Search the lines of the records for the word "forallP", and copy every line that has it.

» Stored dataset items
┄┄┄┄┄┄

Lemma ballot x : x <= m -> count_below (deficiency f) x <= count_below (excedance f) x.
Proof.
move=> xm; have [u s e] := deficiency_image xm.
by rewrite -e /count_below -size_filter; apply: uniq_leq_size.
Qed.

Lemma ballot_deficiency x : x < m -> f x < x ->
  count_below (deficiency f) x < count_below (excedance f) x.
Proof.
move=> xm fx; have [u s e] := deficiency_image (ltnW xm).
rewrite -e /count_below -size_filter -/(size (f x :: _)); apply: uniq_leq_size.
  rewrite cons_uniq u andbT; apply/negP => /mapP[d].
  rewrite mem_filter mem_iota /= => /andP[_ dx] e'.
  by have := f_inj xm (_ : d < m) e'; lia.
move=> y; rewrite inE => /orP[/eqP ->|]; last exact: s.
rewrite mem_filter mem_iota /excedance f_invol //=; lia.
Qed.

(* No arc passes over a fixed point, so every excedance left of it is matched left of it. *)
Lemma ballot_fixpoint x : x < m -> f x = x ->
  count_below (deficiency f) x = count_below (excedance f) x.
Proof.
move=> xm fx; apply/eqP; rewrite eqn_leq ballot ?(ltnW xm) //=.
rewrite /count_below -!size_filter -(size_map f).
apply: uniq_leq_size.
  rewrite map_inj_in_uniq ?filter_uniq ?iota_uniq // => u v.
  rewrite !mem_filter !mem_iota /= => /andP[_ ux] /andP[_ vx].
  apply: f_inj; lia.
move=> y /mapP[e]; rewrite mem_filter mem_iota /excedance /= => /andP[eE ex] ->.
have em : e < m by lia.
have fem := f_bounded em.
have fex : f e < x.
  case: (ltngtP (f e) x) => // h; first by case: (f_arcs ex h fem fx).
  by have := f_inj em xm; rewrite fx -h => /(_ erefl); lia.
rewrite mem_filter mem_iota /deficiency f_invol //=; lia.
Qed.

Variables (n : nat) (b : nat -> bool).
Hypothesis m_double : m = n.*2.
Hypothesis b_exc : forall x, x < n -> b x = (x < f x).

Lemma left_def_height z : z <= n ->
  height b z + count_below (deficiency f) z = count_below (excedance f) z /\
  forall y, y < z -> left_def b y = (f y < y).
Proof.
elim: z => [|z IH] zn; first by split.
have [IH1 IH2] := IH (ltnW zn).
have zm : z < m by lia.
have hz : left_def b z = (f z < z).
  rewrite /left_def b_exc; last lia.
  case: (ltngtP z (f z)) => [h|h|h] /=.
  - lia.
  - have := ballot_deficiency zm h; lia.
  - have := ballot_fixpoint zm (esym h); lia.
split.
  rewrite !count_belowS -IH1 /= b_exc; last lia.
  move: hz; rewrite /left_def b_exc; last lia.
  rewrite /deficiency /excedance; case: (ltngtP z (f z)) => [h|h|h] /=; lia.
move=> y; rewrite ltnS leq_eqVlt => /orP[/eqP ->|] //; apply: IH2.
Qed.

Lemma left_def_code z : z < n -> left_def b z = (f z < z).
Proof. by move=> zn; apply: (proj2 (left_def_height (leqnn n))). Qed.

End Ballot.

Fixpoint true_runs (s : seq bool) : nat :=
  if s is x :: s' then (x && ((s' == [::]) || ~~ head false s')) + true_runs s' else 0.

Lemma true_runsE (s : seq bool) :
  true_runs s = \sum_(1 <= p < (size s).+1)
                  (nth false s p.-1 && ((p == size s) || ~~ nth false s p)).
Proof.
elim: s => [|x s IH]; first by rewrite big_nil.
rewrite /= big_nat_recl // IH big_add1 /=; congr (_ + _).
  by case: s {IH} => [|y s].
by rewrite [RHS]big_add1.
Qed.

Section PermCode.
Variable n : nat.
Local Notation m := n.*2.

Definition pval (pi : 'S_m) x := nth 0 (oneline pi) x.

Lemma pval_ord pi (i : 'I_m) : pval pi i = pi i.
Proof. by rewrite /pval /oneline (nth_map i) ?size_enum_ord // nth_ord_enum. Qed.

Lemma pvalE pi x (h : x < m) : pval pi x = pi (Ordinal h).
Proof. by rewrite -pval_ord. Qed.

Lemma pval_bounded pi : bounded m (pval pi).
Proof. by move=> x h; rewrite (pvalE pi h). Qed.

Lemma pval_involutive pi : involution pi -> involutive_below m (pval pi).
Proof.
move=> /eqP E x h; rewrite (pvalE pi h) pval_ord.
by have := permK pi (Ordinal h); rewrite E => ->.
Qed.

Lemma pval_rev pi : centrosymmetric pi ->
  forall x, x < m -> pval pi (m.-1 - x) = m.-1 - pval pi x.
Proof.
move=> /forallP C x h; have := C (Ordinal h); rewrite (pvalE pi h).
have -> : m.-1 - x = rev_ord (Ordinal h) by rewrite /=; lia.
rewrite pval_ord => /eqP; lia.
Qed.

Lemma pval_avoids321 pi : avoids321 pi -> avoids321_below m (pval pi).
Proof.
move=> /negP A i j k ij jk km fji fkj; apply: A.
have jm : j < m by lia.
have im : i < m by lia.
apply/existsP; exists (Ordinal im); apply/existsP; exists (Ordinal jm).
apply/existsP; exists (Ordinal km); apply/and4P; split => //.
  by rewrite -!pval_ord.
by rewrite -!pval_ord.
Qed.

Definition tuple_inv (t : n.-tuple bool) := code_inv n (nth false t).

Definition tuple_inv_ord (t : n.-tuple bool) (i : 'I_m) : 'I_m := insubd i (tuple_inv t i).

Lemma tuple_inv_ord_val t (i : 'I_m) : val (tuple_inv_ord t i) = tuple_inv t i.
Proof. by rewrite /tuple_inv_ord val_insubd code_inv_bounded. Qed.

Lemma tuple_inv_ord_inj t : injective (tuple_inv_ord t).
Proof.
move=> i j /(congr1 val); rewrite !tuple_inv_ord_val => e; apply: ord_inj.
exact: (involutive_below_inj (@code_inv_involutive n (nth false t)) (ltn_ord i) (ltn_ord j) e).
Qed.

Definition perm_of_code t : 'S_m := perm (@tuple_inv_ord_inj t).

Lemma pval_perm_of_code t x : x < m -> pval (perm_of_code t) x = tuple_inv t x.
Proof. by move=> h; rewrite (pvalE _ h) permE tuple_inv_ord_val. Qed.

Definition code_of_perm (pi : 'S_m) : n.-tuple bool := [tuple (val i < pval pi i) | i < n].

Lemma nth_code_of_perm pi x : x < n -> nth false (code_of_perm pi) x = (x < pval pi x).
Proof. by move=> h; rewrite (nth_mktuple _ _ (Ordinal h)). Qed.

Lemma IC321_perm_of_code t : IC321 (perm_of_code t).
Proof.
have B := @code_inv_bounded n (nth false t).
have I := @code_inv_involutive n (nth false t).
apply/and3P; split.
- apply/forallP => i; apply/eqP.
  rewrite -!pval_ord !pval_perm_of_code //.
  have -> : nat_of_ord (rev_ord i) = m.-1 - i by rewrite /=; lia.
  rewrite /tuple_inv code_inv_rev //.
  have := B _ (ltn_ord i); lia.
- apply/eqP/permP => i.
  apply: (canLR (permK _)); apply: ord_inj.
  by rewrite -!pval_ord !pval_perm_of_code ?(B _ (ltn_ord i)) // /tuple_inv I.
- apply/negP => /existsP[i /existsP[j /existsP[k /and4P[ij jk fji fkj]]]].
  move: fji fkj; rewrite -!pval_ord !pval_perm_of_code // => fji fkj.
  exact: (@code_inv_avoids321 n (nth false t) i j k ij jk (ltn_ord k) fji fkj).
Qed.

┄┄┄┄┄┄

» OUTPUT BELOW
move=> /forallP C x h; have := C (Ordinal h); rewrite (pvalE pi h).
- apply/forallP => i; apply/eqP.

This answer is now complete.